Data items

(* Let $L$ be a number field, $\Gamma$ an order of $L$, $K\subseteq L$ a subfield with ring of integers $\mathcal O_K$ and $n=[L:K]$, and $R=\mathrm M_n(\mathcal O_K)$. For each ring morphism $\rho:\Gamma\to R$ there exists a unique ring morphism $\varphi:K\to L$ such that $\rho$ is $\varphi$-compatible. In particular $\operatorname{Hom}(\Gamma,R)/R^\times=\bigsqcup_\varphi\bigl(\operatorname{Hom}_\varphi(\Gamma,R)/R^\times\bigr)$, the disjoint union over all ring morphisms $\varphi:K\to L$.
   Context: For a ring morphism $\varphi:K\to L$, regard $L$ as a $K$-algebra via $\varphi$ and $\mathrm M_n(K)$ as a $K$-algebra via scalar matrices. A ring morphism $\rho:\Gamma\to R$ is $\varphi$-compatible if $\rho\otimes\mathbb Q:L=\Gamma\otimes_{\mathbb Z}\mathbb Q\to R\otimes_{\mathbb Z}\mathbb Q=\mathrm M_n(K)$ is a morphism of $K$-algebras. $\operatorname{Hom}_\varphi(\Gamma,R)$ is the set of $\varphi$-compatible ring morphisms, stable under conjugation by $R^\times$. *)

From HB Require Import structures.
From mathcomp Require Import all_boot all_order all_algebra all_field.
Set Implicit Arguments. Unset Strict Implicit. Unset Printing Implicit Defensive.
Import GRing.Theory.
Local Open Scope ring_scope.

(* Number field: L : fieldExtType rat (finite-dimensional over Q). *)

Definition integralZ (R : comNzRingType) (x : R) : Prop :=
  exists p : {poly int}, p \is monic /\ (map_poly (intr : int -> R) p).[x] = 0.

Definition is_order (L : fieldExtType rat) (G : {pred L}) : Prop :=
  [/\ 1 \in G,
      {in G &, forall x y, x * y \in G} &
      exists b : (\dim {:L}).-tuple L,
        basis_of fullv b /\
        forall x, x \in G <->
          exists z : 'I_(\dim {:L}) -> int, x = \sum_i (z i)%:~R *: b`_i].

Section Defs.
Variables (L : fieldExtType rat) (K : {subfield L}).

Definition degLK : nat := \dim_K {:L}.

Definition mxOK (M : 'M[subvs_of K]_degLK) : Prop :=
  forall i j, integralZ (M i j).

Definition ring_hom_order (G : {pred L}) (rho : L -> 'M[subvs_of K]_degLK) : Prop :=
  [/\ forall x, x \in G -> mxOK (rho x),
      rho 1 = 1%:M,
      {in G &, forall x y, rho (x + y) = rho x + rho y} &
      {in G &, forall x y, rho (x * y) = rho x *m rho y}].

(* f : L -> M_n(K) is rho (x) Q, i.e. the Q-linear extension of rho from G to L *)
Definition tensorQ_ext (G : {pred L}) (rho f : L -> 'M[subvs_of K]_degLK) : Prop :=
  [/\ forall x y, f (x + y) = f x + f y,
      forall (a : rat) x, f (a *: x) = (ratr a : subvs_of K) *: f x &
      {in G, forall x, f x = rho x}].

Definition Kalg_morph (phi : {rmorphism subvs_of K -> L})
    (f : L -> 'M[subvs_of K]_degLK) : Prop :=
  [/\ f 1 = 1%:M,
      forall x y, f (x + y) = f x + f y,
      forall x y, f (x * y) = f x *m f y &
      forall (k : subvs_of K) x, f (phi k * x) = k *: f x].

Definition compatible (G : {pred L}) (phi : {rmorphism subvs_of K -> L})
    (rho : L -> 'M[subvs_of K]_degLK) : Prop :=
  exists f, tensorQ_ext G rho f /\ Kalg_morph phi f.

Definition unitR (u : 'M[subvs_of K]_degLK) : Prop :=
  [/\ u \in unitmx, mxOK u & mxOK (invmx u)].

End Defs.

From HB Require Import structures.
From mathcomp Require Import all_boot all_order all_algebra all_field.
Local Open Scope ring_scope.
Import GRing.Theory.

(* Extend rho Q-linearly along a Z-basis of the order to f : L -> M_n(K); as
   L is a field, f is an injective Q-algebra morphism.  For a nonzero row v,
   x |-> v f(x) is an injective Q-linear map between L and K^n, which have the
   same Q-dimension [L:Q] = n [K:Q], so it is onto.  Writing k v = v f(x), the
   commutativity of f(L) gives w f(x) = k w for every row w = v f(y), i.e.
   f(x) = k.  Hence f(L) contains the scalar matrices and phi := f^-1 o scalar
   works; it is unique since every compatible extension of rho equals f, and
   conjugating f by a unit keeps it K-linear. *)

Section AdditiveOn.

Context {U V : zmodType} {G : {pred U}}.
Hypotheses (G0 : 0 \in G) (GB : {in G &, forall x y, x - y \in G}).
Context {rho : U -> V}.
Hypothesis rhoD : {in G &, {morph rho : x y / x + y}}.

Lemma memD_on : {in G &, forall x y, x + y \in G}.
Proof.
move=> x y Gx Gy; have -> : x + y = x - (0 - y) by rewrite sub0r opprK.
by apply: GB => //; apply: GB.
Qed.

Lemma morph0_on : rho 0 = 0.
Proof. by apply/(addrI (rho 0)); rewrite -rhoD // !addr0. Qed.

Lemma morphB_on : {in G &, {morph rho : x y / x - y}}.
Proof.
move=> x y Gx Gy; have Gxy := GB _ _ Gx Gy.
by apply/(addIr (rho y)); rewrite -rhoD // !subrK.
Qed.

Lemma morphN_on x : x \in G -> - x \in G /\ rho (- x) = - rho x.
Proof.
move=> Gx; rewrite -[- x]sub0r GB // morphB_on // morph0_on.
by rewrite sub0r.
Qed.

Lemma morphMz_on x m : x \in G -> x *~ m \in G /\ rho (x *~ m) = rho x *~ m.
Proof.
move=> Gx; have morphMn k : x *+ k \in G /\ rho (x *+ k) = rho x *+ k.
  elim: k => [|k [Gk Rk]]; first by rewrite !mulr0n morph0_on.
  by rewrite !mulrS memD_on // rhoD // Rk.
case: m => k; first exact: morphMn.
have [Gk Rk] := morphMn k.+1; have [GNk RNk] := morphN_on _ Gk.
by rewrite NegzE !mulrNz -!pmulrn RNk Rk.
Qed.

Lemma morph_sumMz_on (I : finType) (x : I -> U) (z : I -> int) :
  (forall i, x i \in G) -> rho (\sum_i x i *~ z i) = \sum_i rho (x i) *~ z i.
Proof.
move=> Gx; suff [] : \sum_i x i *~ z i \in G /\
  rho (\sum_i x i *~ z i) = \sum_i rho (x i) *~ z i by [].
apply: (big_ind2 (fun s t => s \in G /\ rho s = t)); first by rewrite morph0_on.
  by move=> s1 t1 s2 t2 [G1 <-] [G2 <-]; rewrite memD_on ?rhoD.
by move=> i _; apply: morphMz_on.
Qed.

End AdditiveOn.

Section RatLinear.

Context {L F : fieldExtType rat} {V : lmodType F}.

Definition rat_scalable (h : L -> V) : Prop :=
  forall (a : rat) x, h (a *: x) = ratr a *: h x.

Context {N : nat}.
Variable b : N.-tuple L.
Hypothesis b_basis : basis_of fullv b.

Lemma rat_linear_coord_expand {h : L -> V} :
  {morph h : x y / x + y} -> rat_scalable h ->
  forall x, h x = \sum_i ratr (coord b i x) *: h b`_i.
Proof.
move=> hD hZ x; have h0 : h 0 = 0 by apply/(addrI (h 0)); rewrite -hD !addr0.
rewrite {1}(coord_basis b_basis (memvf x)) (big_morph h hD h0).
by apply: eq_bigr => i _; rewrite hZ.
Qed.

Lemma rat_linear_eq_basis {h1 h2 : L -> V} :
  {morph h1 : x y / x + y} -> rat_scalable h1 ->
  {morph h2 : x y / x + y} -> rat_scalable h2 ->
  (forall i : 'I_N, h1 b`_i = h2 b`_i) -> h1 =1 h2.
Proof.
move=> h1D h1Z h2D h2Z eq_b x.
rewrite (rat_linear_coord_expand h1D h1Z) (rat_linear_coord_expand h2D h2Z).
by apply: eq_bigr => i _; rewrite eq_b.
Qed.

Definition rat_extension (rho : L -> V) (x : L) : V :=
  \sum_i ratr (coord b i x) *: rho b`_i.

Variable rho : L -> V.

Lemma rat_extensionD : {morph rat_extension rho : x y / x + y}.
Proof.
move=> x y; rewrite -big_split; apply: eq_bigr => i _ /=.
by rewrite linearD -!alg_num_field !scalerDl.
Qed.

Lemma rat_extensionZ : rat_scalable (rat_extension rho).
Proof.
move=> a x; rewrite scaler_sumr; apply: eq_bigr => i _ /=.
by rewrite linearZ -!alg_num_field scalerA -scalerAl mul1r scalerA.
Qed.

Lemma rat_extension_int_comb (z : 'I_N -> int) :
  rat_extension rho (\sum_i (z i)%:~R *: b`_i) = \sum_(i < N) rho b`_i *~ z i.
Proof.
rewrite /rat_extension; apply: eq_bigr => i _.
by rewrite coord_sum_free ?(basis_free b_basis) // ratr_int scaler_int.
Qed.

End RatLinear.

Arguments rat_linear_eq_basis {L F V N b} b_basis {h1 h2}.

Lemma rat_linear_mulmx_basis {L F : fieldExtType rat} {n N : nat}
    {b : N.-tuple L} {f : L -> 'M[F]_n} :
  basis_of fullv b -> {morph f : x y / x + y} -> rat_scalable f ->
  (forall i j : 'I_N, f (b`_i * b`_j) = f b`_i *m f b`_j) ->
  {morph f : x y / x * y >-> x *m y}.
Proof.
move=> b_basis fD fZ fMb x y.
have fMr (j : 'I_N) : f (x * b`_j) = f x *m f b`_j.
  move: x; apply: (rat_linear_eq_basis b_basis) => [x1 x2|a x1|x1 x2|a x1|i].
  - by rewrite mulrDl fD.
  - by rewrite -scalerAl fZ.
  - by rewrite fD mulmxDl.
  - by rewrite fZ scalemxAl.
  - exact: fMb.
move: y; apply: (rat_linear_eq_basis b_basis) => [y1 y2|a y1|y1 y2|a y1|j].
- by rewrite mulrDr fD.
- by rewrite -scalerAr fZ.
- by rewrite fD mulmxDr.
- by rewrite fZ scalemxAr.
- exact: fMr.
Qed.


Section Lattice.

Context {L : fieldExtType rat} {N : nat} {b : N.-tuple L} {G : {pred L}}.
Hypothesis memG :
  forall x, x \in G <-> exists z : 'I_N -> int, x = \sum_i (z i)%:~R *: b`_i.

Lemma lattice_mem0 : 0 \in G.
Proof.
by apply/memG; exists (fun=> 0); rewrite big1 // => i _; rewrite scale0r.
Qed.

Lemma lattice_memB : {in G &, forall x y, x - y \in G}.
Proof.
move=> x y /memG[z ->] /memG[z' ->]; apply/memG; exists (fun i => z i - z' i).
by rewrite -sumrB; apply: eq_bigr => i _; rewrite intrB scalerBl.
Qed.

Lemma lattice_mem_basis (i : 'I_N) : b`_i \in G.
Proof.
apply/memG; exists (fun j => (j == i)%:R); rewrite (bigD1 i) //= eqxx scale1r.
by rewrite big1 ?addr0 // => j /negPf->; rewrite scale0r.
Qed.

Lemma rat_extension_lattice {F : fieldExtType rat} {V : lmodType F}
    {rho : L -> V} :
  basis_of fullv b -> {in G &, {morph rho : x y / x + y}} ->
  {in G, rat_extension b rho =1 rho}.
Proof.
move=> b_basis rhoD _ /memG[z ->]; rewrite rat_extension_int_comb //.
rewrite -(morph_sumMz_on lattice_mem0 lattice_memB rhoD) => [|i].
  by congr rho; apply: eq_bigr => i _; rewrite scaler_int.
exact: lattice_mem_basis.
Qed.

End Lattice.

Section MatrixRepresentation.

Context {A F : fieldType} {n : nat} {f : A -> 'M[F]_n}.
Hypotheses (f1 : f 1 = 1%:M) (fD : {morph f : x y / x + y})
  (fM : {morph f : x y / x * y >-> x *m y}).

Lemma mx_rmorphB : {morph f : x y / x - y}.
Proof. by move=> x y; apply/(addIr (f y)); rewrite -fD !subrK. Qed.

__Work to be completed__:
Could you return exactly the stretch of the data above that starts at the line with "exists z : 'I_(\dim" and ends at the line with "Definition tensorQ_ext (G", both lines included?

__Result__:
          exists z : 'I_(\dim {:L}) -> int, x = \sum_i (z i)%:~R *: b`_i].

Section Defs.
Variables (L : fieldExtType rat) (K : {subfield L}).

Definition degLK : nat := \dim_K {:L}.

Definition mxOK (M : 'M[subvs_of K]_degLK) : Prop :=
  forall i j, integralZ (M i j).

Definition ring_hom_order (G : {pred L}) (rho : L -> 'M[subvs_of K]_degLK) : Prop :=
  [/\ forall x, x \in G -> mxOK (rho x),
      rho 1 = 1%:M,
      {in G &, forall x y, rho (x + y) = rho x + rho y} &
      {in G &, forall x y, rho (x * y) = rho x *m rho y}].

(* f : L -> M_n(K) is rho (x) Q, i.e. the Q-linear extension of rho from G to L *)
Definition tensorQ_ext (G : {pred L}) (rho f : L -> 'M[subvs_of K]_degLK) : Prop :=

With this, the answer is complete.